Daniel Quinlan <[EMAIL PROTECTED]> [2002-09-27 20:12:53 -0700]: > My problem with SPEWS is that it is not an accurate way to tag spam. > There are too many FPs.
I have heard a lot of derisive commentary about relays.osirusoft.com but people still use them. Why? Here is some data. I just went through the last 5 weeks of spam trash that were directed to me at my address. I had 105 hits on relays.osirusoft.com which list spews as the reason. All 105 were spam. That is an average of 21 per week, 3 a day, every day, with zero false positives. I also had 188 from relays.osirusoft.com which listed reasons other than spews. That makes 293 total messages that relays.osirusoft.com correctly listed and zero false positives over the course of five weeks. YMMV definitely in this case but this is the data from my site. For the record I also understand the collateral damage problem and am also of similar mind to Matt and Dan and a few of the others. People continue to use relays.osirusoft.com because it is very effective at tagging spam. When there is something that is similarly effective that avoids the spews problem then people will flock to it. But nothing else exists that is similarly effective at this moment in time. I am not willing to get an additional 21 spam messages a week when I am not seeing any false positives myself. > We (SpamAssassin) need to separate out SPEWS listings so that the GA > can assign an appropriate score (could be higher or lower, but I > would wager that it will be lower).
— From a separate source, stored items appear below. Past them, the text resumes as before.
(* Write z for L0, so that V is a torsion-free C[z]-module of finite rank.
   First, e is injective: if e y = 0 with y <> 0, the vectors f^j y are all
   nonzero and the Casimir acts on them by the pairwise distinct polynomials
   (z - j)(z - j - 1); eigenvectors for distinct eigenvalues are C[z]-linearly
   independent, which contradicts finite rank.
   Next, an sl(2)-endomorphism phi commutes with z, so finite rank gives a
   nonzero P in C[z][T] with P(phi) = 0. As e p(z) = p(z + 1) e and e is
   injective, the polynomial obtained by substituting z - 1 in the coefficients
   of P also kills phi; subtracting P lowers the degrees of the coefficients,
   so descending we reach a nonzero annihilating polynomial with constant
   coefficients. Hence phi has an eigenvalue l, and the l-eigenspace is a
   nonzero pure submodule, i.e. all of V. The Casimir commutes with sl(2), so
   it is a scalar too. *)

From Pilot Require Import Defs.
From HB Require Import structures.
From mathcomp Require Import all_boot all_order all_algebra.
From mathcomp Require Import zify ring.
From mathcomp Require Import complex reals.
Set Implicit Arguments. Unset Strict Implicit. Unset Printing Implicit Defensive.
Import GRing.Theory Num.Theory.
Local Open Scope ring_scope.

(** * Polynomials in an endomorphism of a module *)

Section PolyOp.
Variables (R : comNzRingType) (M : lmodType R) (A : {linear M -> M}).
Implicit Types (p q : {poly R}) (u v : M).

Definition poly_op p v : M := \sum_(i < size p) p`_i *: iter i A v.

Lemma iter_linearP n a u v : iter n A (a *: u + v) = a *: iter n A u + iter n A v.
Proof. by elim: n => //= n ->; rewrite linearP. Qed.

Lemma poly_op_is_linear p : linear (poly_op p).
Proof.
move=> a u v; rewrite /poly_op scaler_sumr -big_split; apply: eq_bigr => i _ /=.
by rewrite iter_linearP scalerDr !scalerA mulrC.
Qed.
HB.instance Definition _ p :=
  GRing.isLinear.Build R M M *:%R (poly_op p) (poly_op_is_linear p).

Lemma poly_op_widen n p v : (size p <= n)%N ->
  poly_op p v = \sum_(i < n) p`_i *: iter i A v.
Proof.
move=> le_pn; rewrite /poly_op (big_ord_widen n (fun i => p`_i *: iter i A v)) //.
rewrite big_mkcond; apply: eq_bigr => i _.
by case: ltnP => // le_pi; rewrite nth_default ?scale0r.
Qed.

Lemma poly_op0 v : poly_op 0 v = 0.
Proof. by rewrite /poly_op size_poly0 big_ord0. Qed.

Lemma poly_opD p q v : poly_op (p + q) v = poly_op p v + poly_op q v.
Proof.
have le_p := leq_maxl (size p) (size q); have le_q := leq_maxr (size p) (size q).
have le_pq := leq_trans (size_polyD p q) (leqnn _).
rewrite !(poly_op_widen v le_pq) (poly_op_widen v le_p) (poly_op_widen v le_q).
by rewrite -big_split; apply: eq_bigr => i _; rewrite coefD scalerDl.
Qed.
(* Let $e\in E_A$. Suppose the monitor state of lifeline $A$ is coherent before evaluating formulas at $e$. Then, for every $\psi\in\mathsf{sub}(\Phi)$, \[ \mathsf{Eval}_A(\psi,e,\mathsf{old}_A)=1 \quad\text{iff}\quad M,e\models\psi . \]
   Context: Setting. $\mathscr L$ is a finite set of lifelines. A message sequence chart (MSC) is $M=(E,\to,\lhd,\mathsf{kind},\mathsf{pid},\mathsf{val})$ with $E$ a finite set of events, $\mathsf{pid}:E\to\mathscr L$, $E_A=\{e\in E\mid \mathsf{pid}(e)=A\}$. The relation $\to$ relates only events on the same lifeline, and for each $A$ its restriction to $E_A$ is the immediate-successor relation of a finite linear order $\leq_A$ (strict version $<_A$). $\mathsf{kind}(e)\in\{\mathsf{act},\mathsf{recv},\mathsf{choice}\}\cup(\{\mathsf{send}\}\times\mathscr L)$. The message relation $\lhd$ is a partial matching: if $s\lhd r$ then $\mathsf{kind}(s)=(\mathsf{send},\mathsf{pid}(r))$, $\mathsf{kind}(r)=\mathsf{recv}$, $\mathsf{pid}(s)\neq\mathsf{pid}(r)$; every receive has exactly one matching send, every send at most one matching receive (not necessarily FIFO). The graph of $\to$ and $\lhd$ edges is acyclic; the causal order $\leq_M$ is its reflexive transitive closure. $\nu_e=\mathsf{val}(e)$ is the valuation (local store of $\mathsf{pid}(e)$ after $e$). $e^B_k$ is the $k$-th event of lifeline $B$ (indexing from 1). Causal Past Logic (CPL): terms $t::=x\mid A.x$ (the value of $x$ at the latest causally visible $A$-event); atoms $\alpha::=p(t_1,\dots,t_n)$; formulas $\varphi::=\alpha\mid @_A\varphi\mid \mathsf{Y}\varphi\mid\varphi_1\mathbin{\mathsf{S}}\varphi_2\mid\varphi_1\wedge\varphi_2\mid\varphi_1\vee\varphi_2\mid\neg\varphi$. For $e$ with $\mathsf{pid}(e)=A$: $\mathsf{last}_{\mathsf{loc}}(e)=\max\{f\in E_A\mid f<_A e\}$ and, for any $B$, $\mathsf{last}_B(e)=\max\{f\in E_B\mid f\leq_M e\}$ (when these exist). Term values: $x$ evaluates to $\nu_e(x)$; $A.x$ evaluates to $\nu_{\mathsf{last}_A(e)}(x)$ when defined. An atom is false if any of its terms is undefined; otherwise its truth ($\nu_e\models_M\alpha$) is fixed by the application. $M,e\models\mathsf{Y}\varphi$ iff $\mathsf{last}_{\mathsf{loc}}(e)$ exists and satisfies $\varphi$; $M,e\models @_A\varphi$ iff $\mathsf{last}_A(e)$ exists and satisfies $\varphi$ (non-strict: equals $e$ if $e\in E_A$); for $e\in E_A$, $M,e\models\varphi_1\mathbin{\mathsf{S}}\varphi_2$ iff some $f\in E_A$ with $f\leq_A e$ satisfies $\varphi_2$ and every $g\in E_A$ with $f<_A g\leq_A e$ satisfies $\varphi_1$; Boolean connectives as usual. Monitor. $\Phi$ is a finite set of CPL formulas, $\mathsf{sub}(\Phi)$ its subformulas, $\mathsf{Vars}(\Phi)$ the variable names occurring in terms $B.x$. Each lifeline $A$ keeps: a vector clock $\mathsf{vc}_A:\mathscr L\to\mathbb N$; a partial Boolean view $\mathsf{view}_A:\mathscr L\times\mathsf{sub}(\Phi)\rightharpoonup\{0,1\}$; a partial variable view $\mathsf{var}_A:\mathscr L\times\mathsf{Vars}(\Phi)\rightharpoonup\mathsf{Val}$; a local store $\sigma_A$; a total map $\mathsf{old}_A:\mathsf{sub}(\Phi)\to\{0,1\}$. The procedure $\mathsf{Eval}_A(\psi,e,\mathsf{old}_A)$ computes: for an atom $\alpha$, its truth with unqualified variables read from $\sigma_A$ and terms $B.x$ read from $\mathsf{var}_A(B,x)$ (a missing entry makes the atom false); $\mathsf{Y}\theta\mapsto(\mathsf{vc}_A(A)>1)\wedge\mathsf{old}_A(\theta)$; $@_B\theta\mapsto$ $\mathsf{Eval}_A(\theta,e,\mathsf{old}_A)$ if $B=A$, else $0$ if $\mathsf{vc}_A(B)=0$, else $\mathsf{view}_A(B,\theta)$; $\theta_1\mathbin{\mathsf{S}}\theta_2\mapsto \mathsf{Eval}_A(\theta_2,\cdot)\vee(\mathsf{Eval}_A(\theta_1,\cdot)\wedge(\mathsf{vc}_A(A)>1)\wedge\mathsf{old}_A(\theta_1\mathbin{\mathsf{S}}\theta_2))$; $\neg,\wedge,\vee$ computed recursively. Coherence. For $e\in E_A$, the state of $A$ is coherent before evaluating formulas at $e$ if: (i) for every lifeline $B$, $\mathsf{vc}_A(B)=|\{f\in E_B\mid f\leq_M e\}|$; (ii) for every $B\neq A$ with $k=\mathsf{vc}_A(B)>0$, $\mathsf{view}_A(B,\psi)$ is defined and equals $1$ iff $M,e^B_k\models\psi$ for all $\psi\in\mathsf{sub}(\Phi)$, and $\mathsf{var}_A(B,x)=\mathsf{val}(e^B_k)(x)$ for all $x\in\mathsf{Vars}(\Phi)$; if $\mathsf{vc}_A(B)=0$ all entries for $B$ are absent; (iii) $\sigma_A(x)=\mathsf{val}(e)(x)$ for every monitored unqualified variable $x$, and $\mathsf{var}_A(A,x)$ is defined and equal to $\mathsf{val}(e)(x)$ for every $x\in\mathsf{Vars}(\Phi)$ (no condition on $\mathsf{view}_A(A,\cdot)$); (iv) for every $\psi\in\mathsf{sub}(\Phi)$, $\mathsf{old}_A(\psi)$ is the truth value of $\psi$ at the previous local event of $A$ if it exists, and false otherwise. *)

From mathcomp Require Import all_boot.
From Stdlib Require Import List.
Continuing that thought, I disagree that RBLs should be used by the GA in SA at all. That RBL data can be different at different times. I really believe the GA should be trained on the content of the message without RBL input. If it is deprived of the RBL information will the GA have improved results over the content? It should. I believe the RBL input to SA should be a manual control at a low value. Any individual user can increase the score if they desire. The strenth of SA is to look at the content and catagorize the message based upon the content with no _single_ score having too high of a lever on the result. I would like to see SA continue to push in that area and to avoid the distraction of using the RBL information in the GA generated scores. RBL data should be a manually scored input to SA but not an overwhelmingly large input. If it really is spam then the content will drive the score over the threshold. Bob
Description: PGP signature